CLC Genomics Workbench allows the user to design primers and probes for TaqMan PCR applications.
TaqMan probes are oligonucleotides that contain a fluorescent reporter dye at the 5' end and a quenching dye at the 3' end. Fluorescent molecules become excited when they are irradiated and usually emit light. However, in a TaqMan probe the energy from the fluorescent dye is transferred to the quencher dye by fluorescence resonance energy transfer as long as the quencher and the dye are located in close proximity i.e. when the probe is intact. TaqMan probes are designed to anneal within a PCR product amplified by a standard PCR primer pair. If a TaqMan probe is bound to a product template, the replication of this will cause the Taq polymerase to encounter the probe. Upon doing so, the 5'exonuclease activity of the polymerase will cleave the probe. This cleavage separates the quencher and the dye, and as a result the reporter dye starts to emit fluorescence.
The TaqMan technology is used in Real-Time quantitative PCR. Since the accumulation of fluorescence mirrors the accumulation of PCR products it can can be monitored in real-time and used to quantify the amount of template initially present in the buffer.
The technology is also used to detect genetic variation such as SNP's. By designing a TaqMan probe which will specifically bind to one of two or more genetic variants it is possible to detect genetic variants by the presence or absence of fluorescence in the reaction.
A specific requirement of TaqMan probes is that a G nucleotide can not be present at the 5' end since this will quench the fluorescence of the reporter dye. It is recommended that the melting temperature of the TaqMan probe is about 10 degrees celsius higher than that of the primer pair.
Primer design for TaqMan technology involves designing a primer pair and a TaqMan probe.
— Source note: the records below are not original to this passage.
Lemma sym_cube_bound_ge0 dl : Delta dl -> 0 <= sym_cube_bound dl.
Proof.
move=> /pd_ge0 pd0; rewrite mule_ge0 ?lee_fin ?mulr_ge0 ?powR_ge0//.
by apply: prode_ge0 => j _; rewrite mule_ge0// lee_fin invr_ge0.
Qed.

Hypothesis q_ge0 : (0 <= q)%R.

Lemma sym_integrand_ge_cube dl sg beta : Delta dl -> (1 <= sg <= 2)%R ->
  size beta = p -> all (fun x => `|x| <= 1)%R beta ->
  sym_cube_bound dl <= sym_integrand dl sg beta.
Proof.
move=> /pd_ge0 pd0 /andP[sg1 sg2] sz beta1.
have sg0 : (0 < sg)%R by exact: lt_le_trans ltr01 sg1.
apply: lee_pmul; rewrite ?lee_fin ?mulr_ge0 ?powR_ge0//.
- by apply: prode_ge0 => j _; rewrite mule_ge0// lee_fin invr_ge0.
- apply: lee_prod => j _; rewrite mule_ge0 ?lee_fin ?invr_ge0//=.
  apply: lee_pmul; rewrite ?lee_fin ?invr_ge0// ?lef_pV2 ?posrE//.
  apply: f_le_norm; rewrite (gtr0_norm resid_bound_gt0).
  apply: le_trans (resid_le_bound j sz beta1).
  rewrite normrM normrV ?unitfE ?gt_eqF// (gtr0_norm sg0).
  by rewrite ler_pdivrMr// ler_peMr.
- rewrite ler_wpM2r// !powRN lef_pV2 ?posrE ?powR_gt0//.
  by apply: ge0_ler_powR => //; rewrite nnegrE ltW.
Qed.

Lemma sigma_mass_ge_cube dl : Delta dl ->
  (2 ^+ p)%:E * sym_cube_bound dl <=
    \int[leb]_(sg in `]0%R, +oo[) int_Rk p (sym_integrand dl sg).
Proof.
move=> Ddl; have leb12 : leb `[1%R, 2%R] = 1.
  rewrite lebesgue_measure_itv/= lte_fin ifT ?ltr1n//.
  by rewrite -EFinD; congr EFin; rewrite -[2%R]natr1 addrK.
apply: (@le_trans _ _ (\int[leb]_(sg in `[1%R, 2%R]) ((2 ^+ p)%:E * sym_cube_bound dl))).
  by rewrite integral_cst// [X in _ <= _ * X]leb12 mule1.
apply: ge0_le_integral_subset.
- by move=> x; rewrite /= !in_itv/= andbT => /andP[x1 _]; exact: lt_le_trans ltr01 x1.
- by move=> x _; rewrite mule_ge0 ?lee_fin ?exprn_ge0// sym_cube_bound_ge0.
- by move=> x /pos_itv x0; apply: int_Rk_ge0 => beta; exact: sym_integrand_ge0.
move=> x; rewrite /= in_itv/= => /[dup] /andP[x1 _] x12.
apply: int_Rk_ge_cube; first exact: sym_cube_bound_ge0.
  by move=> beta; apply: sym_integrand_ge0 => //; exact: lt_le_trans ltr01 x1.
by move=> beta sz beta1; exact: sym_integrand_ge_cube.
Qed.
(* Let $\mathbb{R}$ be stratified into vertices (points) and edges (open intervals), and let $\mathcal{F}$ be a cellular sheaf of cones on $\mathbb{R}$ with respect to this stratification. Then $$\Gamma(\mathcal{F})=\prod_{v}\mathcal{F}(v)\;\cap\;\ker\Big(\prod_v\mathcal{F}^{\pm}(v)\longrightarrow\prod_e\mathcal{F}^{\pm}(e),\ (\phi_v)_v\mapsto\big(\mathcal{F}^\pm(e_-\leqslant e)(\phi_{e_-})-\mathcal{F}^\pm(e_+\leqslant e)(\phi_{e_+})\big)_e\Big),$$ where $v$ ranges over all vertices, $e$ ranges over all precompact (bounded) edges, and $e_-<e_+$ are the two endpoints of a bounded edge $e$.
   Context: A cone is a (possibly empty) subset of a real vector space closed under addition and multiplication by positive reals; the category of cones has as morphisms functions between cones that are restrictions/corestrictions of linear maps between the vector spaces spanned by the cones. A cellular sheaf of cones on $\mathbb{R}$ (with respect to a stratification into vertices and edges) is a functor $\mathcal{F}$ from the poset of cells (with $v\leqslant e$ when the vertex $v$ is in the closure of the edge $e$) to the category of cones. Its global sections are $\Gamma(\mathcal{F})=\lim_c\mathcal{F}(c)$, the limit over all cells taken in the category of cones. For a cell $c$, $\mathcal{F}^\pm(c)$ denotes the real vector space spanned by $\mathcal{F}(c)$, and $\mathcal{F}^\pm(v\leqslant e)$ the unique linear extension of $\mathcal{F}(v\leqslant e)$. *)

From HB Require Import structures.
From mathcomp Require Import all_boot all_order all_algebra.
From mathcomp Require Import all_classical all_reals.
Set Implicit Arguments. Unset Strict Implicit. Unset Printing Implicit Defensive.
Import Order.TTheory GRing.Theory Num.Theory.
Local Open Scope ring_scope.
Local Open Scope classical_set_scope.

Section DProd.
Variables (R : pzRingType) (I : Type) (V : I -> lmodType R).

Definition dprod : Type := forall i, V i.
HB.instance Definition _ := Choice.on dprod.

Definition dprod_zero : dprod := fun i => 0.
Definition dprod_add (f g : dprod) : dprod := fun i => f i + g i.
Definition dprod_opp (f : dprod) : dprod := fun i => - f i.
Definition dprod_scale (a : R) (f : dprod) : dprod := fun i => a *: f i.

Let feq (f g : dprod) : (forall i, f i = g i) -> f = g.
Proof. by move=> h; apply: functional_extensionality_dep. Qed.

Let addA : associative dprod_add.
Proof. by move=> f g h; apply: feq => i; rewrite /dprod_add addrA. Qed.
Let addC : commutative dprod_add.
Proof. by move=> f g; apply: feq => i; rewrite /dprod_add addrC. Qed.
Let add0 : left_id dprod_zero dprod_add.
Proof. by move=> f; apply: feq => i; rewrite /dprod_add /dprod_zero add0r. Qed.
Let addN : left_inverse dprod_zero dprod_opp dprod_add.
Proof. by move=> f; apply: feq => i; rewrite /dprod_add /dprod_opp /dprod_zero addNr. Qed.

HB.instance Definition _ := @GRing.isNmodule.Build dprod dprod_zero dprod_add addA addC add0.
HB.instance Definition _ := @GRing.Nmodule_isZmodule.Build dprod dprod_opp addN.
In TaqMan the user must thus define three regions: a Forward primer region, a Reverse primer region, and a TaqMan probe region. The easiest way to do this is to designate a TaqMan primer/probe region spanning the sequence region where TaqMan amplification is desired. This will automatically add all three regions to the sequence. If more control is desired about the placing of primers and probes the Forward primer region, Reverse primer region and TaqMan probe region can all be defined manually. If areas are known where primers or probes must not bind (e.g. repeat rich areas), one or more No primers here regions can be defined. The regions are defined by making a selection on the sequence and right-clicking the selection.
It is required that at least a part of the Forward primer region is located upstream of the TaqMan Probe region, and that the TaqMan Probe region, is located upstream of a part of the Reverse primer region.
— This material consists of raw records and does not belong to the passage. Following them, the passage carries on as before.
Lemma update_same {I : Type} {T : I -> Type} (d : forall j, T j) (i : I) (a : T i) :
  update d i a i = a.
Proof.
  unfold update. destruct (excluded_middle_informative (i = i)) as [e|n].
  - now rewrite (proof_irrelevance _ e eq_refl).
  - now contradiction n.
Qed.

Lemma update_other {I : Type} {T : I -> Type} (d : forall j, T j) (i j : I) (a : T i) :
  i <> j -> update d i a j = d j.
Proof. intro n. unfold update. now destruct (excluded_middle_informative (i = j)). Qed.

Lemma pair2_map {T U : Type} (h : T -> U) (x y : T) :
  (fun k => h (pair2 x y k)) = pair2 (h x) (h y).
Proof.
  apply functional_extensionality; intro k.
  now apply (Fin.caseS' k (fun k => h (pair2 x y k) = pair2 (h x) (h y) k)).
Qed.

Lemma hom_ljoin {L B : algebra lattice_sig} (h : L -> B) :
  is_hom L B h -> forall x y, h (ljoin L x y) = ljoin B (h x) (h y).
Proof. intros Hh x y. unfold ljoin. now rewrite Hh, pair2_map. Qed.

Lemma hom_lmeet {L B : algebra lattice_sig} (h : L -> B) :
  is_hom L B h -> forall x y, h (lmeet L x y) = lmeet B (h x) (h y).
Proof. intros Hh x y. unfold lmeet. now rewrite Hh, pair2_map. Qed.

Lemma prod_ljoin {I : Type} (L : I -> algebra lattice_sig) (x y : prod_alg L) (i : I) :
  ljoin (prod_alg L) x y i = ljoin (L i) (x i) (y i).
Proof. unfold ljoin; simpl. f_equal. exact (pair2_map (fun z => z i) x y). Qed.

Lemma prod_lmeet {I : Type} (L : I -> algebra lattice_sig) (x y : prod_alg L) (i : I) :
  lmeet (prod_alg L) x y i = lmeet (L i) (x i) (y i).
Proof. unfold lmeet; simpl. f_equal. exact (pair2_map (fun z => z i) x y). Qed.

Lemma is_lattice_singleton (L : algebra lattice_sig) :
  (exists t : L, forall x, x = t) -> is_lattice L.
Proof.
  intros [t Ht].
  repeat split; intros; (etransitivity; [apply Ht | symmetry; apply Ht]).
Qed.

Lemma is_lattice_hom_image (L B : algebra lattice_sig) (h : L -> B) :
  is_lattice L -> is_hom L B h -> surjective h -> is_lattice B.
Proof.
  intros (H1&H2&H3&H4&H5&H6) Hh Hs.
  repeat split; intros;
  repeat match goal with v : carrier B |- _ => destruct (Hs v) as [? <-]; clear v end;
  repeat (rewrite <- (hom_ljoin h Hh) || rewrite <- (hom_lmeet h Hh)); f_equal; auto.
Qed.

Lemma is_lattice_hom_preimage (L B : algebra lattice_sig) (h : B -> L) :
  is_lattice L -> is_hom B L h -> injective h -> is_lattice B.
Proof.
  intros (H1&H2&H3&H4&H5&H6) Hh Hi.
  repeat split; intros; apply Hi;
  repeat (rewrite (hom_ljoin h Hh) || rewrite (hom_lmeet h Hh)); auto.
Qed.

Lemma is_lattice_prod {I : Type} (L : I -> algebra lattice_sig) :
  (forall i, is_lattice (L i)) -> is_lattice (prod_alg L).
Proof.
  intros HL. repeat split; intros; apply functional_extensionality_dep; intro i;
  repeat (rewrite prod_ljoin || rewrite prod_lmeet); apply (HL i).
Qed.

Definition unit_alg (S : signature) : algebra S := @Algebra S unit (fun _ _ => tt).

Lemma quasivariety_unit_alg {S : signature} (Q : alg_class S) :
  quasivariety Q -> Q (unit_alg S).
Proof. intros [Qtriv _]. apply Qtriv. exists tt. now intros []. Qed.

Section Congruence_projections.
Context {S : signature} {A : algebra S} {r : A -> A -> Prop} (Hr : is_congruence A r).

Lemma cong_refl x : r x x.
Proof. exact (proj1 Hr x). Qed.

Lemma cong_sym x y : r x y -> r y x.
Proof. exact (proj1 (proj2 Hr) x y). Qed.

Lemma cong_trans x y z : r x y -> r y z -> r x z.
Proof. exact (proj1 (proj2 (proj2 Hr)) x y z). Qed.

Lemma cong_compat (o : op S) (a b : Fin.t (arity S o) -> A) :
  (forall k, r (a k) (b k)) -> r (interp A o a) (interp A o b).
Proof. exact (proj2 (proj2 (proj2 Hr)) o a b). Qed.

End Congruence_projections.

Lemma is_congruence_full {S : signature} (A : algebra S) :
  is_congruence A (fun _ _ => True).
Proof. repeat split. Qed.

Lemma con_join_rel_comp {S : signature} (A : algebra S) (al be : A -> A -> Prop) :
  congruence_permutable A -> is_congruence A al -> is_congruence A be ->
  forall x y, con_join A al be x y <-> rel_comp al be x y.
Proof.
  intros Hp Ha Hb. pose proof Ha as (ar&asy&atr&ac). pose proof Hb as (br&bsy&btr&bc).
  assert (Hc : is_congruence A (rel_comp al be)).
  { split; [|split; [|split]].
    - intro x. exists x; auto.
    - intros x y [z [H1 H2]]. apply (Hp al be Ha Hb). exists z; auto.
    - intros x y w [z1 [H1 H2]] [z2 [H3 H4]].
      destruct (proj2 (Hp al be Ha Hb z1 z2) (ex_intro _ y (conj H2 H3))) as [z3 [H5 H6]].
      exists z3; split; eauto.
    - intros o a b H.
      destruct (choice_dep (fun k z => al (a k) z /\ be z (b k)) H) as [c Hc].
      exists (interp A o c). split; [apply ac | apply bc]; intro k; apply Hc. }
  intros x y; split.
  - intro H. apply (H _ Hc); intros u v Huv; [exists v | exists u]; auto.
  - intros [z [H1 H2]] ga (gr&gs&gt&gc) Hg1 Hg2. eauto.
Qed.

Record comp_embedding {S : signature} (L : algebra lattice_sig) (A : algebra S)
  (f : L -> A -> A -> Prop) : Prop := {
  emb_congruence : forall x, is_congruence A (f x);
  emb_injective : forall x y, rel_eq (f x) (f y) -> x = y;
  emb_join : forall x y a b, f (ljoin L x y) a b <-> rel_comp (f x) (f y) a b;
  emb_meet : forall x y a b, f (lmeet L x y) a b <-> f x a b /\ f y a b }.

Lemma comp_embedding_rel_eq {S : signature} {L : algebra lattice_sig} {A : algebra S}
  {f : L -> A -> A -> Prop} :
  comp_embedding L A f -> forall x y, x = y <-> rel_eq (f x) (f y).
Proof.
  intros Hf x y. split; [intros ->; apply rel_eq_refl | apply (emb_injective _ _ _ Hf)].
Qed.

Lemma Lcon_hom_image {S : signature} (Q : alg_class S) (L B : algebra lattice_sig)
  (A : algebra S) (h : L -> B) (th : L -> A -> A -> Prop) :
  is_lattice L -> is_hom L B h -> surjective h -> Q A -> congruence_permutable A ->
  (forall x, is_congruence A (th x)) ->
  (forall x y, h x = h y <-> rel_eq (th x) (th y)) ->
  (forall x y a b, th (ljoin L x y) a b <-> rel_comp (th x) (th y) a b) ->
  (forall x y a b, th (lmeet L x y) a b <-> th x a b /\ th y a b) ->
  Lcon Q B.
Proof.
  intros HL Hh Hs QA Hperm Hc Hker Hj Hm.
  split; [exact (is_lattice_hom_image L B h HL Hh Hs) |].
  exists A. split; [exact QA |].
  destruct (choice_dep (T := fun _ => carrier L) (fun b x => h x = b) Hs) as [sec Hsec].
  exists (fun b => th (sec b)). split; [|split; [|split]]; cbv beta.
  - intro; apply Hc.
  - intros x y E. rewrite <- (Hsec x), <- (Hsec y). now apply Hker.
  - intros x y a b.
    assert (E : h (sec (ljoin B x y)) = h (ljoin L (sec x) (sec y)))
      by now rewrite (hom_ljoin h Hh), !Hsec.
    rewrite (proj1 (Hker _ _) E a b), Hj. symmetry. now apply con_join_rel_comp.
  - intros x y a b.
    assert (E : h (sec (lmeet B x y)) = h (lmeet L (sec x) (sec y)))
      by now rewrite (hom_lmeet h Hh), !Hsec.
    now rewrite (proj1 (Hker _ _) E a b), Hm.
Qed.

Lemma Lcon_comp_embedding {S : signature} (Q : alg_class S) (L : algebra lattice_sig) :
  quasivariety Q -> (forall A, Q A -> congruence_permutable A) -> Lcon Q L ->
  exists A : algebra S, Q A /\ inhabited A /\ exists f, comp_embedding L A f.
Proof.
  intros HQ Hperm [_ [A [QA [f (Hc & Hi & Hj & Hm)]]]].
  destruct (classic (inhabited A)) as [HA | HA].
  - exists A. split; [exact QA | split; [exact HA |]].
    exists f. split; [exact Hc | exact Hi | | exact Hm].
    intros x y a b. rewrite Hj. now apply con_join_rel_comp; auto.
  - (* an empty algebra has a single congruence, so L is trivial *)
    exists (unit_alg S). split; [now apply quasivariety_unit_alg |].
    split; [exact (inhabits tt) |].
    exists (fun _ _ _ => True). split.
    + intros; apply is_congruence_full.
    + intros x y _. apply Hi. intros a. contradiction HA. exact (inhabits a).
    + intros x y a b. split; [now exists a | trivial].
    + tauto.
Qed.

(** * Products *)

Section Products.
Context {S : signature} {I : Type} (A : I -> algebra S).

Definition prod_rel (r : forall i, A i -> A i -> Prop) : prod_alg A -> prod_alg A -> Prop :=
  fun a b => forall i, r i (a i) (b i).

Lemma is_congruence_prod_rel (r : forall i, A i -> A i -> Prop) :
  (forall i, is_congruence (A i) (r i)) -> is_congruence (prod_alg A) (prod_rel r).
Proof.
  intro Hr. unfold prod_rel. split; [|split; [|split]].
  - intros a i. apply (cong_refl (Hr i)).
  - intros a b H i. apply (cong_sym (Hr i)), H.
  - intros a b c H1 H2 i. apply (cong_trans (Hr i) _ _ _ (H1 i) (H2 i)).
  - intros o a b H i. apply (cong_compat (Hr i)). intro k. apply H.
Qed.

Lemma prod_rel_comp (r s : forall i, A i -> A i -> Prop) (a b : prod_alg A) :
  prod_rel (fun i => rel_comp (r i) (s i)) a b <-> rel_comp (prod_rel r) (prod_rel s) a b.
Proof.
  split.
  - intro H. destruct (choice_dep (fun i z => r i (a i) z /\ s i z (b i)) H) as [c Hc].
    exists c. split; intro i; apply Hc.
  - intros [c [H1 H2]] i. now exists (c i).
Qed.

Lemma prod_rel_iff (r s : forall i, A i -> A i -> Prop) (a b : prod_alg A) :
  (forall i, r i (a i) (b i) <-> s i (a i) (b i)) -> (prod_rel r a b <-> prod_rel s a b).
Proof. intro E. split; intros H i; apply E, H. Qed.

Lemma prod_rel_meet (r s : forall i, A i -> A i -> Prop) (a b : prod_alg A) :
  prod_rel (fun i c e => r i c e /\ s i c e) a b <-> prod_rel r a b /\ prod_rel s a b.
Proof. split; [intro H; split; intro i; apply H | intros [H1 H2] i; now split]. Qed.

(* Recovering the factors from the product needs inhabited factors and
   reflexive relations: a pair (a, b) of A i is tested through the elements
   [update d i a] and [update d i b]. *)
Lemma prod_rel_eq_iff (d : forall i, A i) (r s : forall i, A i -> A i -> Prop) :
  (forall i a, r i a a) -> (forall i a, s i a a) ->
  (forall i, rel_eq (r i) (s i)) <-> rel_eq (prod_rel r) (prod_rel s).
Proof.
  intros Hr Hs. split.
  - intros E a b. split; intros H i; apply E, H.
  - intros E i a b.
    assert (Hupd : forall t : forall j, A j -> A j -> Prop, (forall j c, t j c c) ->
              prod_rel t (update d i a) (update d i b) <-> t i a b).
    { intros t Ht. split.
      - intro H. specialize (H i). now rewrite !update_same in H.
      - intros H j. destruct (classic (i = j)) as [<- | n].
        + now rewrite !update_same.
        + rewrite !update_other by exact n. apply Ht. }
    rewrite <- (Hupd r Hr), <- (Hupd s Hs). apply E.
Qed.

End Products.

(** * Ultraproducts *)

Section Ultrafilters.
Context {I : Type} (U : (I -> Prop) -> Prop) (HU : ultrafilter U).

Lemma U_mono (X Y : I -> Prop) : U X -> (forall i, X i -> Y i) -> U Y.
Proof. destruct HU as (_&_&Hm&_); eauto. Qed.

Lemma U_and (X Y : I -> Prop) : U X -> U Y -> U (fun i => X i /\ Y i).
Proof. destruct HU as (_&_&_&Ha&_); auto. Qed.

Lemma U_and_iff (X Y : I -> Prop) : U (fun i => X i /\ Y i) <-> U X /\ U Y.
Proof.
  split; [intro H; split; apply (U_mono _ _ H); tauto | intros [HX HY]; now apply U_and].
Qed.

Lemma U_full (X : I -> Prop) : (forall i, X i) -> U X.
Proof. destruct HU as (Ht&_); intro H. apply (U_mono _ _ Ht). auto. Qed.

Lemma U_iff (X Y : I -> Prop) : (forall i, X i <-> Y i) -> (U X <-> U Y).
Proof. intro H; split; intro H0; apply (U_mono _ _ H0); apply H. Qed.

Lemma U_compl (X : I -> Prop) : ~ U X -> U (fun i => ~ X i).
Proof. destruct HU as (_&_&_&_&Hu); intro H. now destruct (Hu X). Qed.

Lemma U_empty (X : I -> Prop) : U X -> (forall i, ~ X i) -> False.
Proof. destruct HU as (_&H0&_); intros HX Hn. apply H0, (U_mono _ _ HX), Hn. Qed.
In TaqMan mode the Inner melting temperature menu in the primer parameters panel is activated allowing the user to set a separate melting temperature interval for the TaqMan probe.
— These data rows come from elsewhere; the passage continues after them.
From HB Require Import structures.
From mathcomp Require Import all_boot all_order all_algebra all_field.
From mathcomp Require Import zify ring.
Set Implicit Arguments. Unset Strict Implicit. Unset Printing Implicit Defensive.
Import Order.TTheory GRing.Theory Num.Theory.

(** Write m = 2t - 1 and let F be the field with q elements. A vector of F^m is
   read as a pair of polynomials (g, f) with deg g < t - 1 and deg f < t;
   evaluating v g and u f at m distinct points (for weights v, u without roots)
   and mixing the two values linearly gives linear maps A1, A2 : F^m -> F^(2m).
   The square is indexed by F^m x F^m, its entry at (x, y) being the base-q
   number whose digits encode the coordinates of A1 x + A2 y.
   Each of A1, A2, A1 + A2 and A1 - A2 is onto on any t coordinates, so
   translating its image does not change the e-th power sums of the entries
   for e <= t. Rows, columns and both diagonals are such translates, the back
   diagonal because the digit of 1 - a is q - 1 minus the digit of a. Finally
   (x, y) |-> A1 x + A2 y is injective, so the entries are 0, ..., q^(2m) - 1. *)

Section Digits.
Variable q : nat.

Lemma sum_digits_recl n (d : 'I_n.+1 -> nat) :
  \sum_(i < n.+1) q ^ i * d i = d ord0 + q * \sum_(i < n) q ^ i * d (lift ord0 i).
Proof.
rewrite big_ord_recl expn0 mul1n big_distrr /=; congr (_ + _).
by apply: eq_bigr => i _; rewrite expnS mulnA.
Qed.

Lemma digit_split a b x y : a < q -> b < q -> a + q * x = b + q * y -> a = b /\ x = y.
Proof.
move=> ltaq ltbq eq_ab; have q_gt0 : 0 < q by case: q ltaq.
have eq_a : a = b.
  by have := congr1 (modn^~ q) eq_ab; rewrite !(addnC _ (q * _)) !(mulnC q) !modnMDl !modn_small.
by split=> //; apply/eqP; rewrite -(eqn_pmul2l q_gt0) -(eqn_add2l a) {2}eq_a eq_ab.
Qed.

Lemma digits_ltn n (d : 'I_n -> nat) :
  (forall i, d i < q) -> \sum_(i < n) q ^ i * d i < q ^ n.
Proof.
elim: n d => [|n IHn] d ltdq; first by rewrite big_ord0.
rewrite sum_digits_recl expnS.
have := IHn _ (fun i => ltdq (lift ord0 i)); have := ltdq ord0.
set X := \sum_(i < n) _; set Y := q ^ n; nia.
Qed.

Lemma digits_inj n (d d' : 'I_n -> nat) :
  (forall i, d i < q) -> (forall i, d' i < q) ->
  \sum_(i < n) q ^ i * d i = \sum_(i < n) q ^ i * d' i -> d =1 d'.
Proof.
elim: n d d' => [|n IHn] d d' ltdq ltd'q eq_d i; first by case: i.
rewrite !sum_digits_recl in eq_d.
have [eq0 eq_rest] : d ord0 = d' ord0 /\
    \sum_(i < n) q ^ i * d (lift ord0 i) = \sum_(i < n) q ^ i * d' (lift ord0 i).
  exact: digit_split (ltdq ord0) (ltd'q ord0) eq_d.
case: (unliftP ord0 i) => [j ->|->] //.
exact: (IHn _ _ (fun i => ltdq _) (fun i => ltd'q _) eq_rest).
Qed.

Lemma digits_max n : 0 < q -> (\sum_(i < n) q ^ i * q.-1).+1 = q ^ n.
Proof.
move=> q_gt0; elim: n => [|n IHn]; first by rewrite big_ord0.
rewrite big_ord_recr /= -addSn IHn expnS; set y := q ^ n; nia.
Qed.

End Digits.

Section RankBy.
Variables (T : finType) (key : T -> int).

Definition rank_by (a : T) : nat := #|[set b | key b < key a]%R|.

Lemma rank_by_lt_card a : rank_by a < #|T|.
Proof.
rewrite -cardsT; apply: proper_card; apply/properP; split; first exact: subsetT.
by exists a; rewrite ?inE ?ltxx.
Qed.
After exploring the available primers (see Graphical display of primer information) and setting the desired parameter values in the Primer Parameters preference group, the Calculate button will activate the primer design algorithm.
In this dialog the options to set a minimum and a desired melting temperature difference between outer and inner refers to primer pair and probe respectively.
Furthermore, the central part of the dialog contains an additional parameter
- Maximum length of amplicon - determines the maximum length of the PCR fragment generated in the TaqMan analysis.
The output table can show primer/probe-pair combination parameters for all three combinations of primers and single primer parameters for both primers and the TaqMan probe (see section on Standard PCR for an explanation of the available primer-pair and single primer information).
The fragment length in this mode refers to the length of the PCR fragment generated by the primer pair, and this is also the PCR fragment which can be exported.